An uneven recovery is better than none. But the strength of some countries’ growth could create additional problems for other parts of the world. America’s boom, for example, has pushed its own consumer prices up by 5% in May, compared with a year earlier, and could also add to price pressure elsewhere. This inflation could feed on itself, forcing central banks to respond. Turkey and Brazil have both tightened monetary policy in recent months, despite the ongoing pain of the pandemic. On June 11th Russia’s central bank raised interest rates for the third time since March. Its governor, Elvira Nabiullina, cited both vaccination rates and “extremely loose monetary and fiscal policies in major economies” as reasons behind the increase in Russian inflation to 6%. She worries that higher inflation in Russia and elsewhere may prove more persistent than “perceived at first glance.”
Even temporary inflation could unsettle financial markets, making investors doubt the Fed’s commitment to easy money. That could increase the risk premium emerging markets pay on their borrowing. “We are not necessarily worried about inflation,” says Mr Kose, whose team forecasts a rise in global inflation from 2.5% last year to 3.9% in 2021. “But we are worried about how these inflationary pressures can complicate policymaking” in emerging markets, especially those with large amounts of foreign-currency debt.
Policymakers in these countries fear a repeat of the “taper tantrum” in 2013, when the Fed’s talk about reducing (or “tapering”) its asset purchases led to an abrupt rise in American bond yields and a painful sell-off in emerging-market assets. No one expects the Fed to slow its pace of bond-buying at its meeting on June 15th-16th. Few expect it even to talk seriously about tapering.

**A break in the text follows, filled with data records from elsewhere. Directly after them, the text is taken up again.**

Definition lift_constr (c : constr R I) : constr R (I + 'I_1)%type :=
  (fun o => if o is inl i then c.1 i else 0, c.2).

Lemma sat_lift_constr c z t : sat (lift_constr c) (extend z t) = sat c z.
Proof. by rewrite /sat big_sum_ord1 /= mul0r addr0. Qed.

Definition graph_constrs f L : seq (constr R (I + 'I_1)%type) :=
  (fun o => if o is inl i then f i else -1, 0) ::
  (fun o => if o is inl i then - f i else 1, 0) ::
  List.map lift_constr L.

Lemma sat_graph_constrs f L z t :
  sat_all (graph_constrs f L) (extend z t) <-> sat_all L z /\ \sum_i f i * z i = t.
Proof.
have sumN : \sum_i - f i * z i = - \sum_i f i * z i.
  by rewrite -sumrN; apply: eq_bigr => i _; rewrite mulNr.
split=> [Lz|[Lz <-] c [<-|[<-|/List.in_map_iff [c' [<- /Lz]]]]]; last first.
- by rewrite sat_lift_constr.
- by rewrite /sat big_sum_ord1 /= sumN; lra.
- by rewrite /sat big_sum_ord1 /=; lra.
split=> [c c_in|].
  by rewrite -(sat_lift_constr _ _ t); apply: Lz; right; right; apply: List.in_map.
have := Lz _ (or_introl erefl); have := Lz _ (or_intror (or_introl erefl)).
by rewrite /sat !big_sum_ord1 /= sumN; lra.
Qed.

(* Eliminate every variable but the value of the form. *)
Lemma linear_image_constr f L : exists L1 : seq (R * R), forall t,
  (forall c, List.In c L1 -> c.1 * t <= c.2) <->
  exists z, sat_all L z /\ \sum_i f i * z i = t.
Proof.
pose V := [seq inl i | i <- enum I] : seq (I + 'I_1)%type.
have inlV i : inl i \in V by rewrite map_f // mem_enum.
have [L' [L'V L'E]] := fm_elim_seq V (graph_constrs f L).
exists (List.map (fun c => (c.1 (inr ord0), c.2)) L') => t.
have satL' c (x : I + 'I_1 -> R) :
    List.In c L' -> sat c x = (c.1 (inr ord0) * x (inr ord0) <= c.2).
  move=> c_in; rewrite /sat big_sum_ord1 big1 ?add0r // => i _.
  by rewrite (L'V c c_in) ?mul0r.
have patch_extend w z : patch V w (extend z t) =1 extend (fun i => w (inl i)) t.
  by case=> [i|j]; rewrite /patch /= ?inlV // (negbTE (_ : inr j \notin V)) //;
    apply/mapP => -[].
transitivity (sat_all L' (extend (fun=> 0) t)).
  split=> [L1t c c_in|L't c /List.in_map_iff [c' [<- c'_in]]].
    by rewrite satL' //; exact: (L1t (_, _) (List.in_map _ _ _ c_in)).
  by have := L't _ c'_in; rewrite satL'.
rewrite L'E; split=> [[w]|[z /sat_graph_constrs Lz]].
  by move=> /(eq_sat_all (patch_extend w _)) /sat_graph_constrs; exists (fun i => w (inl i)).
by exists (extend z t); apply: eq_sat_all Lz => o; rewrite patch_extend; case: o.
Qed.

End LinearImage.

Section Lub.
Local Open Scope ereal_scope.
Implicit Types (S : Qbar -> Prop) (v : Qbar).

Lemma eq_is_lub S1 S2 v : (forall u, S1 u <-> S2 u) -> is_lub S1 v -> is_lub S2 v.
Proof.
move=> e [ub least]; split=> [u /e /ub //|w w_ub].
by apply: least => u /e /w_ub.
Qed.

Lemma is_lub_empty S : (forall v, ~ S v) -> is_lub S -oo.
Proof. by move=> S0; split=> [u /S0|w _] //; exact: leNye. Qed.

Lemma is_lub_max S v : S v -> (forall u, S u -> u <= v) -> is_lub S v.
Proof. by move=> Sv v_ub; split=> // w; apply. Qed.

Lemma is_lub_pinfty S : (forall r : rat, exists2 t : rat, S t%:E & (r < t)%R) -> is_lub S +oo.
Proof.
move=> S_unbd; split=> [u _|[r| |] w_ub //]; first exact: leey.
  have [t St rt] := S_unbd r.
  by have := w_ub _ St; rewrite lee_fin leNgt rt.
by have [t /w_ub] := S_unbd 0%R.
Qed.

Lemma interval_lub (L : seq (rat * rat)) : exists v,
  is_lub (fun v => exists t, (forall c, List.In c L -> c.1 * t <= c.2)%R /\ v = t%:E) v.
Proof.
set P := fun t : rat => forall c, List.In c L -> (c.1 * t <= c.2)%R.
have [[t0 Pt0]|noP] := classic (exists t, P t); last first.
  by exists -oo; apply: is_lub_empty => _ [t [Pt _]]; apply: noP; exists t.
have [[c1 [c1_in c1_pos]]|no_pos] := classic (exists c, List.In c L /\ (0 < c.1)%R).
  have c1_in' : List.In c1 (List.filter (fun c : rat * rat => 0 < c.1)%R L).
    exact/List.filter_In.
  have [p /List.filter_In [p_in p_pos] p_min] := ex_min (fun c : rat * rat => c.2 / c.1)%R c1_in'.
  have le_U t : P t -> (t <= p.2 / p.1)%R.
    by move=> Pt; rewrite ler_pdivlMr // mulrC; apply: Pt.
  exists (p.2 / p.1)%:E; apply: is_lub_max => [|_ [t [Pt ->]]]; last by rewrite lee_fin le_U.
  exists (p.2 / p.1)%R; split=> // c c_in; case: (ltgtP c.1 0%R) => c0.
  - exact: le_trans (ler_wnM2l (ltW c0) (le_U _ Pt0)) (Pt0 c c_in).
  - rewrite mulrC -ler_pdivlMr //; apply: p_min; exact/List.filter_In.
  - by have := Pt0 c c_in; rewrite c0 !mul0r.
exists +oo; apply: is_lub_pinfty => r; exists (`|r| + `|t0| + 1)%R; last first.
  by have := ler_norm r; have := normr_ge0 t0; lra.
exists (`|r| + `|t0| + 1)%R; split=> // c c_in; apply: le_trans (Pt0 c c_in).
have c0 : (c.1 <= 0)%R by rewrite leNgt; apply/negP => c0; apply: no_pos; exists c.
by apply: (ler_wnM2l c0); have := ler_norm t0; have := normr_ge0 r; lra.
Qed.

End Lub.

Section LinearProgram.
Variables (m E l : nat) (A : 'M[rat]_(l, m)).

(* [Psi rho i' b'] is the supremum of [lp_values (T p) (fun j => rho j s) i']. *)
Definition lp_values (S : linsys m E) (rb : 'I_l -> Qbar) (i : 'I_l) : Qbar -> Prop :=
  fun v => exists x x' y, lsat S x x' y /\
    (forall j, (Arow A j x)%:E <= rb j)%E /\ v = (Arow A i x')%:E.

Definition lp_var := ('I_m + 'I_m + 'I_E)%type.

Definition lp_point (x x' : 'cV[rat]_m) (y : 'cV[rat]_E) : lp_var -> rat :=
  fun o => match o with inl (inl a) => x a 0 | inl (inr a) => x' a 0 | inr e => y e 0 end.

Definition lp_form (a a' : 'I_m -> rat) (b : 'I_E -> rat) : lp_var -> rat :=
  fun o => match o with inl (inl k) => a k | inl (inr k) => a' k | inr e => b e end.

Lemma lp_form_point a a' b x x' y :
  (\sum_o lp_form a a' b o * lp_point x x' y o =
   \sum_k a k * x k 0 + \sum_k a' k * x' k 0 + \sum_e b e * y e 0)%R.
Proof. by rewrite !big_sumType. Qed.

Lemma lp_pointK (z : lp_var -> rat) :
  lp_point (\col_a z (inl (inl a))) (\col_a z (inl (inr a))) (\col_e z (inr e)) =1 z.
Proof. by case=> [[a|a]|e]; rewrite /lp_point mxE. Qed.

But several Fed officials have begun “talking about talking about tapering”, as Mary Daly of the San Francisco Fed put it last month.

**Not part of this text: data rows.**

(* Let $d\in\{1,2,3,7,11\}$, $K=\mathbb{Q}(\sqrt{-d})$, $\mathcal{O}_d$ its ring of integers, and $\Delta$ a positive integer not of the form $\beta\bar\beta$ with $\beta\in\mathcal{O}_d$. Fix $z\in\mathbb{C}$ and a $\hat\Gamma_d$-equivalence class $\mathcal{A}\subset\mathcal{H}(\mathcal{O}_d,-\Delta)$. Put $\mathcal{A}(z)=\{h\in\mathcal{A}: a_h<0<h(z,1)\}$, $\hat{\mathcal{A}}=\{h\in\mathcal{A}: h(0,1)<0<a_h\}$, and $$\mathcal{B}(z)=\{(f,\gamma)\in\hat{\mathcal{A}}\times\hat\Gamma_d(z):\ f(\gamma(\infty),1)<0<f(\gamma(z),1)\}.$$ Then $\Phi(f,\gamma)=\bar\gamma(f)=\gamma^tf\bar\gamma$ defines a map $\Phi:\mathcal{B}(z)\to\mathcal{A}(z)$, and $\Phi$ is surjective.
   Context: $\mathcal{H}(\mathcal{O}_d,-\Delta)$ is the set of Hermitian matrices $h=\begin{psmallmatrix}a_h&b_h\\\bar b_h&c_h\end{psmallmatrix}$ with $a_h,c_h\in\mathbb{Z}$, $b_h\in\mathcal{O}_d$ and $\det h=a_hc_h-b_h\bar b_h=-\Delta$; the associated form is $h(z,w)=a_h|z|^2+b_hz\bar w+\bar b_h\bar zw+c_h|w|^2$. $\hat\Gamma_d=\mathbf{PGL}(2,\mathcal{O}_d)$ acts by $\sigma(h)=\bar\sigma^th\sigma$. For $\gamma=\begin{psmallmatrix}r&s\\t&v\end{psmallmatrix}$, $\gamma(z)=\frac{rz+s}{tz+v}$ and $\gamma(\infty)=r/t$. Continued fraction of $z$: let $\lfloor w\rceil$ be the element of $\mathcal{O}_d$ nearest to $w$ (ties broken by a fixed rule); $z_0=z$, $\alpha_n=\lfloor z_n\rceil$, $z_{n+1}=1/(z_n-\alpha_n)$, stopping if $z_n=\alpha_n$ (this happens iff $z\in K$). Set $p_{-2}=0,p_{-1}=1,p_n=\alpha_np_{n-1}+p_{n-2}$ and $q_{-2}=1,q_{-1}=0,q_n=\alpha_nq_{n-1}+q_{n-2}$. Then $\hat\Gamma_d(z)$ is the set of matrices $\gamma_n=\begin{psmallmatrix}q_{n-2}&-p_{n-2}\\-q_{n-1}&p_{n-1}\end{psmallmatrix}$ for $n\ge1$ (for which $p_{n-1},q_{n-1}$ are defined). *)

From HB Require Import structures.
From mathcomp Require Import all_boot all_order all_algebra.
From mathcomp Require Import complex.
From mathcomp Require Import reals.
Set Implicit Arguments. Unset Strict Implicit. Unset Printing Implicit Defensive.
Import Order.TTheory GRing.Theory Num.Theory.
Local Open Scope ring_scope.

Section Defs.
Variable R : realType.
Local Notation C := (R[i]).

(* Generator of the ring of integers O_d of Q(sqrt(-d)) for squarefree d > 0:
   sqrt(-d) if d = 1,2 mod 4, and (1 + sqrt(-d))/2 if d = 3 mod 4. *)
Definition omega_d (d : nat) : C :=
  if (d %% 4 == 3)%N then (1 + sqrtC (- (d%:R))) / 2 else sqrtC (- (d%:R)).

Definition inOd (d : nat) (x : C) : Prop :=
  exists a b : int, x = a%:~R + b%:~R * omega_d d.

Definition inZ (x : C) : Prop := exists a : int, x = a%:~R.

Definition unitOd (d : nat) (u : C) : Prop :=
  inOd d u /\ exists v, inOd d v /\ u * v = 1.

(* matrices representing elements of GL(2,O_d) (PGL = GL modulo scalar units) *)
Definition inGL2 (d : nat) (g : 'M[C]_2) : Prop :=
  (forall i j, inOd d (g i j)) /\ unitOd d (\det g).

Definition inH (d : nat) (Delta : nat) (h : 'M[C]_2) : Prop :=
  inZ (h 0 0) /\ inZ (h 1 1) /\ inOd d (h 0 1) /\ h 1 0 = (h 0 1)^* /\
  \det h = - (Delta%:R).

Definition conj_mx (g : 'M[C]_2) : 'M[C]_2 := map_mx (fun x => x^*) g.

Definition act (s h : 'M[C]_2) : 'M[C]_2 := (conj_mx s)^T *m h *m s.

Definition hform (h : 'M[C]_2) (z w : C) : C :=
  h 0 0 * (z * z^*) + h 0 1 * z * w^* + h 1 0 * z^* * w + h 1 1 * (w * w^*).

Definition eqclass (d : nat) (h0 : 'M[C]_2) : 'M[C]_2 -> Prop :=
  fun h => exists s, inGL2 d s /\ h = act s h0.

(* nearest-element rounding functions to O_d (ties broken by any fixed rule) *)
Definition nearest_round (d : nat) (rnd : C -> C) : Prop :=
  forall w, inOd d (rnd w) /\ forall b, inOd d b -> `|w - rnd w| <= `|w - b|.

(* the sequence z_n of the continued fraction; None once the algorithm stopped *)
Fixpoint cf_z (rnd : C -> C) (z : C) (n : nat) : option C :=
  match n with
  | 0 => Some z
  | n.+1 => match cf_z rnd z n with
            | Some w => if w == rnd w then None else Some (1 / (w - rnd w))
            | None => None
            end
  end.

(* alpha_n = round(z_n) (only meaningful when z_n is defined) *)
Definition cf_alpha (rnd : C -> C) (z : C) (n : nat) : C :=
  match cf_z rnd z n with Some w => rnd w | None => 0 end.

(* cf_pq k = (p_{k-2}, p_{k-1}, q_{k-2}, q_{k-1}) *)
Fixpoint cf_pq (rnd : C -> C) (z : C) (k : nat) : C * C * C * C :=
  match k with
  | 0 => (0, 1, 1, 0)
  | k.+1 => let: (a, b, c, e) := cf_pq rnd z k in
            (b, cf_alpha rnd z k * b + a, e, cf_alpha rnd z k * e + c)
  end.

Definition cf_gamma (rnd : C -> C) (z : C) (n : nat) : 'M[C]_2 :=
  let: (pm2, pm1, qm2, qm1) := cf_pq rnd z n in
  \matrix_(i < 2, j < 2)
    (if (i == 0) && (j == 0) then qm2
     else if (i == 0) then - pm2
     else if (j == 0) then - qm1 else pm1).

(* hat-Gamma_d(z): gamma_n for n >= 1 such that p_{n-1}, q_{n-1} are defined,
   i.e. alpha_{n-1} is defined, i.e. z_{n-1} is defined *)
Definition in_Gamma_z (rnd : C -> C) (z : C) (g : 'M[C]_2) : Prop :=
  exists n, (0 < n)%N /\ cf_z rnd z n.-1 <> None /\ g = cf_gamma rnd z n.

(* sign-correct evaluation of f(gamma(x),1) for gamma = [[r,s],[t,v]]:
   f(gamma(x),1) = f(r x + s, t x + v) / |t x + v|^2 (projective convention,
   f(infinity,1) := f(1,0)) *)
Definition f_at_gamma (f g : 'M[C]_2) (x : C) : C :=
  hform f (g 0 0 * x + g 0 1) (g 1 0 * x + g 1 1).

(* f(gamma(infinity),1), gamma(infinity) = r/t *)
Definition f_at_gamma_inf (f g : 'M[C]_2) : C :=
  hform f (g 0 0) (g 1 0).

End Defs.

(* Transport h backwards along the continued fraction of z: F_n is the form with
   Phi(F_n, gamma_n) = h, so that F_0 = h, F_{n+1}(0,1) = a_{F_n} and
   h(z,1) = |q_{n-1} z - p_{n-1}|^2 F_n(z_n,1).  For the five values of d every
   point of C lies within squared distance 15/16 of O_d, hence
   |q_{n-1} z - p_{n-1}|^2 <= (15/16)^n, whereas a form of determinant -Delta
   with integral a_F < 0 takes values at most Delta.  So a_{F_n} cannot stay
   negative; if the expansion stops at z_N = alpha_N, then q_N z = p_N and
   h(z,1) = a_{F_{N+1}} |q_{N-1} z - p_{N-1}|^2 shows a_{F_{N+1}} > 0 directly.
   At the first n with a_{F_n} > 0 we get F_n(0,1) = a_{F_{n-1}} < 0, strictly
   because Delta is not a norm. *)

From mathcomp Require Import all_boot all_order all_algebra.
From mathcomp Require Import complex.
From mathcomp Require Import reals.
From mathcomp Require Import ring lra zify.
Import Order.TTheory GRing.Theory Num.Theory.
Local Open Scope ring_scope.
Set Implicit Arguments. Unset Strict Implicit. Unset Printing Implicit Defensive.

Lemma ord2P (i : 'I_2) : i = 0 \/ i = 1.
Proof. by case: i => [[|[|//]]] ?; [left | right]; apply/val_inj. Qed.

Lemma mx22P (T : Type) (M N : 'M[T]_2) :
  M 0 0 = N 0 0 -> M 0 1 = N 0 1 -> M 1 0 = N 1 0 -> M 1 1 = N 1 1 -> M = N.
Proof.
move=> e00 e01 e10 e11; apply/matrixP => i j.
by case: (ord2P i) => ->; case: (ord2P j) => ->.
Qed.

Lemma mulmx22E (T : pzSemiRingType) (A B : 'M[T]_2) i j :
  (A *m B) i j = A i 0 * B 0 j + A i 1 * B 1 j.
Proof.
rewrite mxE big_ord_recl big_ord1.
by have -> : lift (0 : 'I_2) (0 : 'I_1) = 1 by apply/val_inj.
Qed.

Lemma det_mx22 (T : comNzRingType) (M : 'M[T]_2) :
  \det M = M 0 0 * M 1 1 - M 0 1 * M 1 0.
Proof.
rewrite (expand_det_row _ 0) big_ord_recl big_ord1 /cofactor !det_mx11 !mxE /=.
have -> : lift (0 : 'I_2) (0 : 'I_1) = 1 by apply/val_inj.
have -> : lift (1 : 'I_2) (0 : 'I_1) = 0 by apply/val_inj.
by rewrite expr0 expr1 mul1r mulN1r mulrN.
Qed.

Section RingOfIntegers.
Variables (R : realType) (d : nat).
Hypothesis d_gt0 : (0 < d)%N.
Local Notation C := R[i].
Local Notation w := (omega_d R d).
Local Notation inOd := (@inOd R d).

Lemma sqrtC_Nnat (n : nat) : (0 < n)%N ->
  exists2 b : R, sqrtC (- n%:R) = Complex 0 b :> C & b ^+ 2 = n%:R.
Proof.
move=> n_gt0; have := sqrtCK (- n%:R : C).
case: (sqrtC _) => a b; rewrite expr2 -(rmorph_nat (real_complex R)) /=.
case=> re im; have {}re : a * a - b * b = - n%:R := re.
have n_pos : (0 : R) < n%:R by rewrite ltr0n.
have ab0 : a * b = 0 by lra.
have a0 : a = 0.
  have : a * a * (a * a + n%:R) == 0.
    have -> : a * a + n%:R = b * b by lra.
    by rewrite mulrACA ab0 mul0r.
  have aa_n : a * a + n%:R != 0 by rewrite gt_eqF //; nra.
  by rewrite mulf_eq0 (negbTE aa_n) orbF mulf_eq0 orbb => /eqP.
exists b; first by rewrite a0.
by rewrite expr2; move: re; rewrite a0 mul0r sub0r => /oppr_inj.
Qed.

Lemma omega_dE : exists2 b : R, b ^+ 2 = d%:R &
  w = if (d %% 4 == 3)%N then Complex 2^-1 (b / 2) else Complex 0 b.
Proof.
have [b sqrtE b2] := sqrtC_Nnat d_gt0.
exists b; rewrite // /omega_d sqrtE; case: ifP => // _.
have -> : (2 : C)^-1 = Complex 2^-1 0.
  by rewrite -(rmorph_nat (real_complex R) 2) -fmorphV.
by rewrite /=; congr Complex; ring.
Qed.

Lemma omega_d_trace : w + w^* = (d %% 4 == 3)%N%:R.
Proof.
have [b _ ->] := omega_dE; case: ifP => _ /=.
  by simpc; apply/eqP; rewrite eq_complex /= eqxx andbT; apply/eqP; field.
by simpc; apply/eqP; rewrite eq_complex /= eqxx.
Qed.

Lemma omega_d_norm : w * w^* = (if (d %% 4 == 3)%N then (d %/ 4).+1 else d)%N%:R.
Proof.
have [b b2 ->] := omega_dE; case: ifP => [/eqP d3|_] /=.
  simpc; rewrite -(rmorph_nat (real_complex R)); congr Complex; last by ring.
  have dE : d%:R = (d %/ 4)%:R * 4 + 3 :> R by rewrite {1}(divn_eq d 4) d3 natrD natrM.
  rewrite (_ : b / 2 * (b / 2) = b ^+ 2 / 4); last by field.
  by rewrite b2 dE -natr1; field.
by simpc; rewrite -(rmorph_nat (real_complex R)) -b2; congr Complex; ring.
Qed.

Lemma conj_omega_d_neq : w^* != w.
Proof.
have [b b2 ->] := omega_dE; have b0 : b != 0.
  by apply: contra_eq_neq b2 => ->; rewrite expr0n eq_sym pnatr_eq0 -lt0n.
by case: ifP => _;
  rewrite eq_complex negb_and /= eqNr ?mulf_eq0 ?invr_eq0 ?pnatr_eq0 (negbTE b0) orbT.
Qed.

Let omega_d_quadratic : exists t m : int,
  w^* = t%:~R - w /\ w ^+ 2 = t%:~R * w - m%:~R.
Proof.
exists (d %% 4 == 3)%N, (if (d %% 4 == 3)%N then (d %/ 4).+1 else d)%N.
by rewrite -!pmulrn -omega_d_trace -omega_d_norm; split; ring.
Qed.

Lemma inOd_int (k : int) : inOd k%:~R.
Proof. by exists k, 0; rewrite mul0r addr0. Qed.

Lemma inOd_nat (n : nat) : inOd n%:R.
Proof. by rewrite pmulrn; apply: inOd_int. Qed.

Lemma inOd0 : inOd 0. Proof. exact: (inOd_nat 0). Qed.
Lemma inOd1 : inOd 1. Proof. exact: (inOd_nat 1). Qed.

Lemma inOdD x y : inOd x -> inOd y -> inOd (x + y).
Proof. by move=> [a [b ->]] [c [e ->]]; exists (a + c), (b + e); rewrite !intrD; ring. Qed.

Lemma inOdN x : inOd x -> inOd (- x).
Proof. by move=> [a [b ->]]; exists (- a), (- b); rewrite !intrN; ring. Qed.

Lemma inOdB x y : inOd x -> inOd y -> inOd (x - y).
Proof. by move=> Ox Oy; apply/inOdD/inOdN. Qed.

Lemma inOdM x y : inOd x -> inOd y -> inOd (x * y).
Proof.
have [t [m [_ sqr_w]]] := omega_d_quadratic.
move=> [a [b ->]] [c [e ->]]; exists (a * c - b * e * m), (a * e + b * c + b * e * t).
have -> : (a%:~R + b%:~R * w) * (c%:~R + e%:~R * w) = a%:~R * c%:~R
    + (a%:~R * e%:~R + b%:~R * c%:~R) * w + b%:~R * e%:~R * w ^+ 2 :> C by ring.
by rewrite sqr_w !(intrD, intrM, intrN); ring.
Qed.

Lemma inOd_sign n : inOd ((-1) ^+ n).
Proof. by rewrite -signr_odd; case: odd; [apply/inOdN | ]; apply: inOd1. Qed.

Lemma inOd_conj x : inOd x -> inOd x^*.
Proof.
have [t [m [conj_w _]]] := omega_d_quadratic.
move=> [a [b ->]]; exists (a + b * t), (- b).
by rewrite rmorphD rmorphM !rmorph_int /= conj_w !(intrD, intrM, intrN); ring.
Qed.

Lemma inOd_real (x : C) : inOd x -> x^* = x -> inZ x.
Proof.
move=> [a [b ->]]; rewrite rmorphD rmorphM !rmorph_int /= => /addrI /eqP.
rewrite -subr_eq0 -mulrBr mulf_eq0 subr_eq0 (negbTE (conj_omega_d_neq)) orbF intr_eq0.
by move=> /eqP ->; exists a; rewrite mul0r addr0.
Qed.

Lemma inOd_norm (x : C) : inOd x -> inZ (x * x^*).
Proof.
move=> Ox; apply: inOd_real; first exact/inOdM/inOd_conj.
by rewrite rmorphM /= conjCK mulrC.
Qed.

Lemma unitOd_norm (u : C) : unitOd d u -> u * u^* = 1.
Proof.
move=> [Ou [v [Ov uv1]]].
have [[k kE] [l lE]] := (inOd_norm Ou, inOd_norm Ov).
have /eqP : (k * l)%:~R = 1%:~R :> C.
  by rewrite intrM -kE -lE mulrACA -rmorphM /= uv1 rmorph1 mulr1.
have : 0 <= l by rewrite -(ler0z C) -lE mul_conjC_ge0.
rewrite eqr_int kE; case: l {lE} => // n _; rewrite intUnitRing.mulzn_eq1.
by case/andP => /eqP ->.
Qed.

Global inflation this year will remain a far cry from the double-digit rates experienced in the stagflationary 1970s. But just as the oil crisis back then forced policymakers into awkward dilemmas, obliging them to raise interest rates in the face of economic weakness, this year’s vaccine shortage could create similar discomfort for policymakers. The price of uneven vaccination may be premature austerity and monetary tightening in some unprotected parts of the world. Countries that jab too late may have to hike too soon.